Swapnil Shah, Managing Director, Espee Group

Nationalism and supply chains

Over the course of the past year, API production became an overtly political issue, as the pandemic swept across the world exposing vulnerabilities in many API supply chains. Policymakers are now considering how to incentivize a more secure supply chain so drug shortages are prevented. President Biden has proposed that the US government take steps in the aftermath of the COVID-19 crisis to produce American‐sourced and manufactured pharmaceutical and medical supply products in order to reduce dependence on foreign sources that are unreliable in times of crisis.

James Gale, CEO of Signet Healthcare Partners, acknowledged: “There was a real risk in Spring 2020 that, had production not restarted on a timely basis, there could have been serious shortages of supply of life-saving generic drugs. This near crisis has directed attention to the need to move the supply closer to home.”

“Maintaining high-quality standards for API and finished drug forms in an ever-evolving supply chain landscape is underpinned by the requirement for environmental preservation, resource availability and urgent need to deliver sustainable manufacturing. Because of this, I predict that sustaining the environment will become the No. 1 challenge for manufacturers and supply chain participants in the pharma industry over the next 10 to 20 years.”

Marc Kikuchi, CEO & Head of North American Generics, Dr. Reddy’s Laboratories

Although the idea of bringing API manufacturing back to the US appeals to many in theory, in practice, the execution will inevitably pose major challenges. Gale posed the question: “If the US is to create a domestic supply, will the market support it? Who is willing to pay the price associated with US production versus cheaper product from India? The current structure of the US generics market will have to be changed. Presently, there is little incentive for the distributors to support this national goal. I do not see economic players who are willing to finance repatriation of the drug supply chain to the US.”

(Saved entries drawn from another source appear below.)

(* Let $n\ge1$, $s\in(0,1)$ with $n/s\ge2$, $\Omega\subset\mathbb R^n$ a bounded Lipschitz domain, $\mu\in(0,n)$, $M$ satisfying (M1)–(M3) and $g$ satisfying (g1)–(g4). Then any nontrivial weak solution $u\in X_0\setminus\{0\}$ of $$-M(\|u\|^{n/s})(-\Delta)^s_{n/s}u=\left(\int_\Omega\frac{G(y,u)}{|x-y|^\mu}dy\right)g(x,u)\ \text{in }\Omega,\quad u=0\ \text{in }\mathbb R^n\setminus\Omega$$ is nonnegative, i.e. $u\ge0$ a.e. in $\Omega$.
   Context: $X_0=\{u\in W^{s,n/s}(\mathbb R^n): u=0 \text{ in } \mathbb R^n\setminus\Omega\}$ with norm $\|u\|=\left(\int_{\mathbb R^n}\int_{\mathbb R^n}\frac{|u(x)-u(y)|^{n/s}}{|x-y|^{2n}}dxdy\right)^{s/n}$. A weak solution is $u\in X_0$ with $M(\|u\|^{n/s})\int_{\mathbb R^{2n}}\frac{|u(x)-u(y)|^{\frac ns-2}(u(x)-u(y))(\phi(x)-\phi(y))}{|x-y|^{2n}}dxdy=\int_\Omega\left(\int_\Omega\frac{G(y,u)}{|x-y|^\mu}dy\right)g(x,u)\phi\,dx$ for all $\phi\in X_0$. $M:\mathbb R^+\to\mathbb R^+$ continuous, $\hat M(t)=\int_0^tM$; $g(x,t)=h(x,t)\exp(|t|^{\frac n{n-s}})$ continuous, $G(x,t)=\int_0^tg(x,\tau)d\tau$. (M1) $\hat M(t+s)\ge\hat M(t)+\hat M(s)$. (M2) There is $\gamma>1$ with $M(t)/t^{\gamma-1}$ nonincreasing for $t>0$. (M3) For each $b>0$ there is $\kappa(b)>0$ with $M(t)\ge\kappa$ for $t\ge b$. (g1) $h\in C^1(\overline\Omega\times\mathbb R)$, $h=0$ for $t\le0$, $h>0$ for $t>0$. (g2) For every $\varepsilon>0$, $\lim_{t\to\infty}\sup_xh(x,t)e^{-\varepsilon|t|^{\frac n{n-s}}}=0$, $\lim_{t\to\infty}\inf_xh(x,t)e^{\varepsilon|t|^{\frac n{n-s}}}=\infty$. (g3) There are positive $t_0,T_0,\gamma_0$ with $0<t^{\gamma_0}G(x,t)\le T_0g(x,t)$ on $\Omega\times[t_0,\infty)$. (g4) There is $l>\frac{\gamma n}{2s}-1$ with $g(x,t)/t^l$ increasing in $t>0$ uniformly in $x$. *)

From HB Require Import structures.
From mathcomp Require Import all_boot all_order all_algebra.
From mathcomp Require Import all_classical all_reals all_analysis.
Set Implicit Arguments.
Unset Strict Implicit.
Unset Printing Implicit Defensive.
Import Order.TTheory GRing.Theory Num.Theory.
Import numFieldNormedType.Exports.
Local Open Scope classical_set_scope.
Local Open Scope ring_scope.

Section Defs.
Variable R : realType.

Definition edot n (x y : 'rV[R]_n) : R := \sum_(i < n) x ord0 i * y ord0 i.
(* Euclidean norm |x| (NOT the max-norm carried by 'rV in the library) *)
Definition enorm n (x : 'rV[R]_n) : R := Num.sqrt (edot x x).
Definition eball n (x0 : 'rV[R]_n) (r : R) : set 'rV[R]_n :=
  [set x | enorm (x - x0) < r].

Definition borelRn n (A : set 'rV[R]_n) : Prop :=
  <<s [set: 'rV[R]_n], [set U | open U] >> A.
Definition borel_fun n (f : 'rV[R]_n -> R) : Prop :=
  forall B : set R, measurable B -> borelRn (f @^-1` B).

(* Iterated one-dimensional Lebesgue integrals; by Tonelli's theorem this is
   the n-dimensional Lebesgue integral of every nonnegative Borel function. *)
Fixpoint iint (n : nat) : ('rV[R]_n -> \bar R) -> \bar R :=
  match n return ('rV[R]_n -> \bar R) -> \bar R with
  | 0 => fun f => f 0
  | n'.+1 => fun f =>
      (\int[@lebesgue_measure R]_x
         iint (fun y : 'rV[R]_n' => f (row_mx (\row_(j < 1) x) y)))%E
  end.

Definition nnint n (f : 'rV[R]_n -> R) : \bar R :=
  iint (fun x => ((Num.max (f x) 0)%R)%:E).

(* real-valued integral over R^n of a signed function:
   int f^+ - int f^-, with the mathcomp convention of Rintegral
   (fine of the extended value) *)
Definition rint n (f : 'rV[R]_n -> R) : R :=
  fine (nnint f - nnint (fun x => (- f x)%R))%E.

Definition nnint2 n (F : 'rV[R]_n -> 'rV[R]_n -> R) : \bar R :=
  nnint (fun z : 'rV[R]_(n + n) => F (lsubmx z) (rsubmx z)).
Definition rint2 n (F : 'rV[R]_n -> 'rV[R]_n -> R) : R :=
  rint (fun z : 'rV[R]_(n + n) => F (lsubmx z) (rsubmx z)).

Definition indR n (A : set 'rV[R]_n) (x : 'rV[R]_n) : R :=
  if `[< A x >] then 1 else 0.

Definition bounded_set n (O : set 'rV[R]_n) : Prop :=
  exists r : R, forall x, O x -> enorm x <= r.

(* Standard definition, written without choosing coordinates: near each
   boundary point x0 there is a unit vector e (the "vertical" direction of a
   rotated coordinate system) and a Lipschitz function gam on the
   hyperplane e^perp such that O is locally the subgraph region
   { x : x.e < gam(P x) } where P x = x - (x.e) e is the orthogonal
   projection onto e^perp. *)
Definition lipschitz_boundary n (O : set 'rV[R]_n) : Prop :=
  forall x0, (closure O `\` O) x0 ->
  exists (r : R) (e : 'rV[R]_n) (gam : 'rV[R]_n -> R) (L : R),
    0 < r /\ enorm e = 1 /\
    (forall a b, edot a e = 0 -> edot b e = 0 ->
        `|gam a - gam b| <= L * enorm (a - b)) /\
    (forall x, eball x0 r x ->
        (O x <-> edot x e < gam (x - edot x e *: e))).

Definition bounded_lipschitz_domain n (O : set 'rV[R]_n) : Prop :=
  open O /\ connected O /\ O !=set0 /\ bounded_set O /\ lipschitz_boundary O.

Definition oint (f : R -> R) (a b : R) : R :=
  if a <= b then fine (\int[@lebesgue_measure R]_(x in `[a, b]) (f x)%:E)%E
  else - fine (\int[@lebesgue_measure R]_(x in `[b, a]) (f x)%:E)%E.

Definition Mhat (M : R -> R) (t : R) : R := oint M 0 t.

This situation, where the U.S. public demands rock-solid supply chain security delivering high quality, and, at the same time, lower and lower prices, is exceedingly difficult to achieve. Marc Kikuchi, CEO and Head of North American generics at Dr. Reddy’s Laboratories, contended: “One of the most problematic issues is the push by governments throughout the world to onshore API production and finished goods manufacturing. This global phenomenon, fueled by the rise of nationalism, will present unique challenges that generic pharma manufacturers – due to the sheer number and volumes of product we produce – will be grappling with this for many years to come.”

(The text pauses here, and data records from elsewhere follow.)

(* Let $\alpha_1,\alpha_2,\alpha_3,\beta_1,\beta_2,\beta_3,\beta_4,\gamma_1,\gamma_2,\gamma_3,\gamma_4$ be positive real constants, and set $A_1=\alpha_1+\alpha_2+\alpha_3$, $A_2=\beta_1-\beta_4$, $A_3=\gamma_1-\gamma_4$. Consider the system, on the simplex $\{(x_0,x_1,x_2): x_i\ge 0,\ x_0+x_1+x_2=1\}$, $$\frac{dx_0}{dt}=\alpha_1x_0+\beta_2x_1+\gamma_2x_2-x_0(A_1x_0+A_2x_1+A_3x_2),$$ $$\frac{dx_1}{dt}=\alpha_2x_0+(\beta_1-\beta_2-\beta_3-\beta_4)x_1+\gamma_3x_2-x_1(A_1x_0+A_2x_1+A_3x_2),$$ $$\frac{dx_2}{dt}=\alpha_3x_0+\beta_3x_1+(\gamma_1-\gamma_2-\gamma_3-\gamma_4)x_2-x_2(A_1x_0+A_2x_1+A_3x_2).$$ Then this system has a unique fixed point with all coordinates positive, and this fixed point is stable.
   Context: This is the ''reversible model'' for the proportions $x_0,x_1,x_2$ of three cancer cell phenotypes CSC$_0$, NSCC$_1$, NSCC$_2$, obtained by normalizing the linear system $dX/dt=QX$ for cell numbers $X=(X_0,X_1,X_2)$, $x_i=X_i/(X_0+X_1+X_2)$, where $$Q=\begin{pmatrix}\alpha_1&\beta_2&\gamma_2\\ \alpha_2&\beta_1-\beta_2-\beta_3-\beta_4&\gamma_3\\ \alpha_3&\beta_3&\gamma_1-\gamma_2-\gamma_3-\gamma_4\end{pmatrix}.$$ Parameters: $\alpha_1$ CSC symmetric division, $\alpha_2,\alpha_3$ asymmetric CSC division into NSCC$_1$, NSCC$_2$; $\beta_1,\gamma_1$ NSCC divisions; $\beta_2,\gamma_2$ de-differentiation to CSC; $\beta_3,\gamma_3$ interconversion between NSCC$_1$ and NSCC$_2$; $\beta_4,\gamma_4$ death rates. *)

From Stdlib Require Import Reals.
From Coquelicot Require Import Coquelicot.
Open Scope R_scope.

Record params := Params {
  al1 : R; al2 : R; al3 : R;
  be1 : R; be2 : R; be3 : R; be4 : R;
  ga1 : R; ga2 : R; ga3 : R; ga4 : R }.

Definition params_pos (p : params) : Prop :=
  0 < al1 p /\ 0 < al2 p /\ 0 < al3 p /\
  0 < be1 p /\ 0 < be2 p /\ 0 < be3 p /\ 0 < be4 p /\
  0 < ga1 p /\ 0 < ga2 p /\ 0 < ga3 p /\ 0 < ga4 p.

Definition A1 (p : params) := al1 p + al2 p + al3 p.
Definition A2 (p : params) := be1 p - be4 p.
Definition A3 (p : params) := ga1 p - ga4 p.

Definition growth (p : params) (x0 x1 x2 : R) :=
  A1 p * x0 + A2 p * x1 + A3 p * x2.

Definition F0 (p : params) (x0 x1 x2 : R) :=
  al1 p * x0 + be2 p * x1 + ga2 p * x2 - x0 * growth p x0 x1 x2.
Definition F1 (p : params) (x0 x1 x2 : R) :=
  al2 p * x0 + (be1 p - be2 p - be3 p - be4 p) * x1 + ga3 p * x2
  - x1 * growth p x0 x1 x2.
Definition F2 (p : params) (x0 x1 x2 : R) :=
  al3 p * x0 + be3 p * x1 + (ga1 p - ga2 p - ga3 p - ga4 p) * x2
  - x2 * growth p x0 x1 x2.

Definition in_simplex (x0 x1 x2 : R) : Prop :=
  0 <= x0 /\ 0 <= x1 /\ 0 <= x2 /\ x0 + x1 + x2 = 1.

Definition is_fixed_point (p : params) (x0 x1 x2 : R) : Prop :=
  F0 p x0 x1 x2 = 0 /\ F1 p x0 x1 x2 = 0 /\ F2 p x0 x1 x2 = 0.

Definition is_solution (p : params) (x0 x1 x2 : R -> R) : Prop :=
  (forall t, 0 < t ->
     is_derive x0 t (F0 p (x0 t) (x1 t) (x2 t)) /\
     is_derive x1 t (F1 p (x0 t) (x1 t) (x2 t)) /\
     is_derive x2 t (F2 p (x0 t) (x1 t) (x2 t))) /\
  filterlim x0 (at_right 0) (locally (x0 0)) /\
  filterlim x1 (at_right 0) (locally (x1 0)) /\
  filterlim x2 (at_right 0) (locally (x2 0)).

Definition dist3 (x0 x1 x2 y0 y1 y2 : R) : R :=
  sqrt ((x0 - y0)^2 + (x1 - y1)^2 + (x2 - y2)^2).

Definition lyapunov_stable (p : params) (e0 e1 e2 : R) : Prop :=
  forall eps, 0 < eps -> exists delta, 0 < delta /\
    forall x0 x1 x2 : R -> R,
      is_solution p x0 x1 x2 ->
      in_simplex (x0 0) (x1 0) (x2 0) ->
      dist3 (x0 0) (x1 0) (x2 0) e0 e1 e2 < delta ->
      forall t, 0 <= t -> dist3 (x0 t) (x1 t) (x2 t) e0 e1 e2 < eps.

(* The system is [x' = Q x - (1 . Q x) x], since the columns of [Q] sum to [A1, A2, A3].  The
   off-diagonal entries of [Q] are positive, so [Q] has a Perron eigenvalue [l] (the root of
   [det (l I - Q)] beyond the larger eigenvalue of the lower 2x2 block) with positive right and
   left eigenvectors [e] and [w], normalised by [e0 + e1 + e2 = 1] and [w . e = 1].  A positive
   fixed point [y] on the simplex satisfies [Q y = g y]; pairing with [w] gives [g = l], and the
   [l]-eigenspace is a line, so [y = e].

   For stability take [V x = (sum w_i x_i^2 / e_i) / (sum w_i x_i)^2].  It is homogeneous of
   degree 0, so along the flow it evolves as along [X' = Q X], and its derivative is
   [- sum_(i<j) c_ij (x_i/e_i - x_j/e_j)^2 <= 0] with [c_ij > 0].  By Cauchy-Schwarz [V >= 1],
   with [V - 1] comparable to [|x - e|^2] near [e] on the plane [x0 + x1 + x2 = 1]; a
   continuity argument (which also keeps the solution on that plane) turns this into Lyapunov
   stability. *)

From Pilot Require Import Defs.
From Stdlib Require Import Reals Lra Psatz.
From Coquelicot Require Import Coquelicot.
Open Scope R_scope.

Definition q11 (p : params) := be1 p - be2 p - be3 p - be4 p.
Definition q22 (p : params) := ga1 p - ga2 p - ga3 p - ga4 p.

Definition Qx0 (p : params) (x0 x1 x2 : R) := al1 p * x0 + be2 p * x1 + ga2 p * x2.
Definition Qx1 (p : params) (x0 x1 x2 : R) := al2 p * x0 + q11 p * x1 + ga3 p * x2.
Definition Qx2 (p : params) (x0 x1 x2 : R) := al3 p * x0 + be3 p * x1 + q22 p * x2.

Lemma growth_Qx (p : params) (x0 x1 x2 : R) :
  growth p x0 x1 x2 = Qx0 p x0 x1 x2 + Qx1 p x0 x1 x2 + Qx2 p x0 x1 x2.
Proof. unfold growth, Defs.A1, Defs.A2, Defs.A3, Qx0, Qx1, Qx2, q11, q22; ring. Qed.

Lemma F_Qx (p : params) (x0 x1 x2 : R) :
  F0 p x0 x1 x2 = Qx0 p x0 x1 x2 - x0 * growth p x0 x1 x2 /\
  F1 p x0 x1 x2 = Qx1 p x0 x1 x2 - x1 * growth p x0 x1 x2 /\
  F2 p x0 x1 x2 = Qx2 p x0 x1 x2 - x2 * growth p x0 x1 x2.
Proof. repeat split. Qed.

(** * The Perron eigenvalue *)

Definition minor12 (p : params) (l : R) := (l - q11 p) * (l - q22 p) - ga3 p * be3 p.

(* [det (l I - Q)], expanded along the first row. *)
Definition charpoly (p : params) (l : R) :=
  (l - al1 p) * minor12 p l
  - be2 p * (al2 p * (l - q22 p) + ga3 p * al3 p)
  - ga2 p * (al3 p * (l - q11 p) + be3 p * al2 p).

Lemma quadratic_larger_root (a b c : R) : 0 < c ->
  exists mu, a < mu /\ b < mu /\
    forall l, (l - a) * (l - b) - c = (l - mu) * (l - (a + b - mu)).
Proof.
  intros hc.
  set (q := ((a - b) / 2) ^ 2 + c).
  assert (hq : 0 < q) by (unfold q; pose proof (pow2_ge_0 ((a - b) / 2)); lra).
  pose proof (sqrt_sqrt q (Rlt_le _ _ hq)) as hr.
  pose proof (sqrt_lt_R0 q hq) as hr0.
  set (r := sqrt q) in *.
  assert (hd : ((a - b) / 2) ^ 2 < r * r) by (rewrite hr; unfold q; lra).
  exists ((a + b) / 2 + r). repeat split; try nra.
  intro l. replace c with (r * r - ((a - b) / 2) ^ 2) by (rewrite hr; unfold q; ring).
  field.
Qed.

Lemma perron_root (p : params) : params_pos p ->
  exists l, charpoly p l = 0 /\ q11 p < l /\ q22 p < l /\ 0 < minor12 p l.
Proof.
  intros (h1 & h2 & h3 & _ & h5 & h6 & _ & _ & h9 & h10 & _).
  destruct (quadratic_larger_root (q11 p) (q22 p) (ga3 p * be3 p)) as (mu & hm1 & hm2 & hmu);
    [nra|].
  assert (hminor : forall l, mu <= l -> (l - mu) ^ 2 <= minor12 p l)
    by (intros l hl; unfold minor12; rewrite hmu; nra).
  (* On [l = mu + y] the two subtracted terms of [charpoly] are affine: [a * y + b]. *)
  set (a := be2 p * al2 p + ga2 p * al3 p).
  set (b := be2 p * (al2 p * (mu - q22 p) + ga3 p * al3 p)
            + ga2 p * (al3 p * (mu - q11 p) + be3 p * al2 p)).
  assert (ha : 0 < a) by (unfold a; nra).
  assert (hb : 0 < b).
  { unfold b. apply Rplus_lt_0_compat; apply Rmult_lt_0_compat; nra. }
  assert (hlin : forall y,
    charpoly p (mu + y) = (mu + y - al1 p) * minor12 p (mu + y) - (a * y + b))
    by (intro y; unfold charpoly, a, b; ring).
  assert (hneg : charpoly p mu < 0).
  { replace mu with (mu + 0) by ring. rewrite hlin.
    replace (minor12 p (mu + 0)) with 0 by (unfold minor12; rewrite hmu; ring). lra. }
  set (y := 1 + Rabs (mu - al1 p) + a + b).
  assert (hy : 1 + a + b <= mu + y - al1 p)
    by (unfold y; pose proof (Rle_abs (- (mu - al1 p))); rewrite Rabs_Ropp in *; lra).
  assert (hy1 : 1 <= y) by (unfold y; pose proof (Rabs_pos (mu - al1 p)); lra).
  assert (hpos : 0 < charpoly p (mu + y)).
  { rewrite hlin.
    assert (y ^ 2 <= minor12 p (mu + y)) by (apply (Rle_trans _ ((mu + y - mu) ^ 2));
      [right; f_equal; ring | apply hminor; lra]).
    assert ((1 + a + b) * y ^ 2 <= (mu + y - al1 p) * minor12 p (mu + y))
      by (apply Rmult_le_compat; nra).
    assert (y <= y ^ 2) by nra.
    assert (a * y <= a * y ^ 2) by (apply Rmult_le_compat_l; lra).
    assert (b <= b * y ^ 2) by nra.
    lra. }
  assert (hcont : continuity (charpoly p)) by (unfold charpoly, minor12; reg).
  destruct (IVT (charpoly p) mu (mu + y) hcont ltac:(lra) hneg hpos) as (l & [hl1 _] & hl).
  assert (mu < l) by (destruct hl1 as [|<-]; [assumption | lra]).
  exists l. repeat split; [assumption | lra | lra |].
  pose proof (hminor l ltac:(lra)). nra.
Qed.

“The catch-22 to reshoring manufacturing and reducing dependency is that it can lead to higher costs at a time when the number of prescriptions is still weighted to generics to keep costs low. Therefore, a reshoring effort must be subsidized in some way… If we could come up with a list of critical medicines and only subsidize those, that could be a pathway for a sustained domestic infrastructure.”

Prasad Raje, CEO, LGM Pharma

With respect to how this could impact pricing, Kikuchi added: “Generic manufacturers are vilified in the press for price increases. What is not addressed is that manufactures may have higher costs for accelerated manufacturing or seeking alternate sources for APIs. Generic manufacturers cannot absorb all of those increases, so we have to pass these costs on to customers. A 250% increase may sound large, but this translates to US$6 or US$10 for a product.”

All challenges aside, generic pharmaceutical drugs play an essential role in the US and global life science ecosystem. Right now, according to FDA reporting, 9 out of 10 prescriptions in the US are filled by generic drugs. Generics have also saved the health care system US$2.2 trillion dollars in the past decade. That is good news for the public health of Americans, and it is all the more reason why policymakers must be cautious and nuanced in implementing new policies that might reshape the generics landscape for the years to come.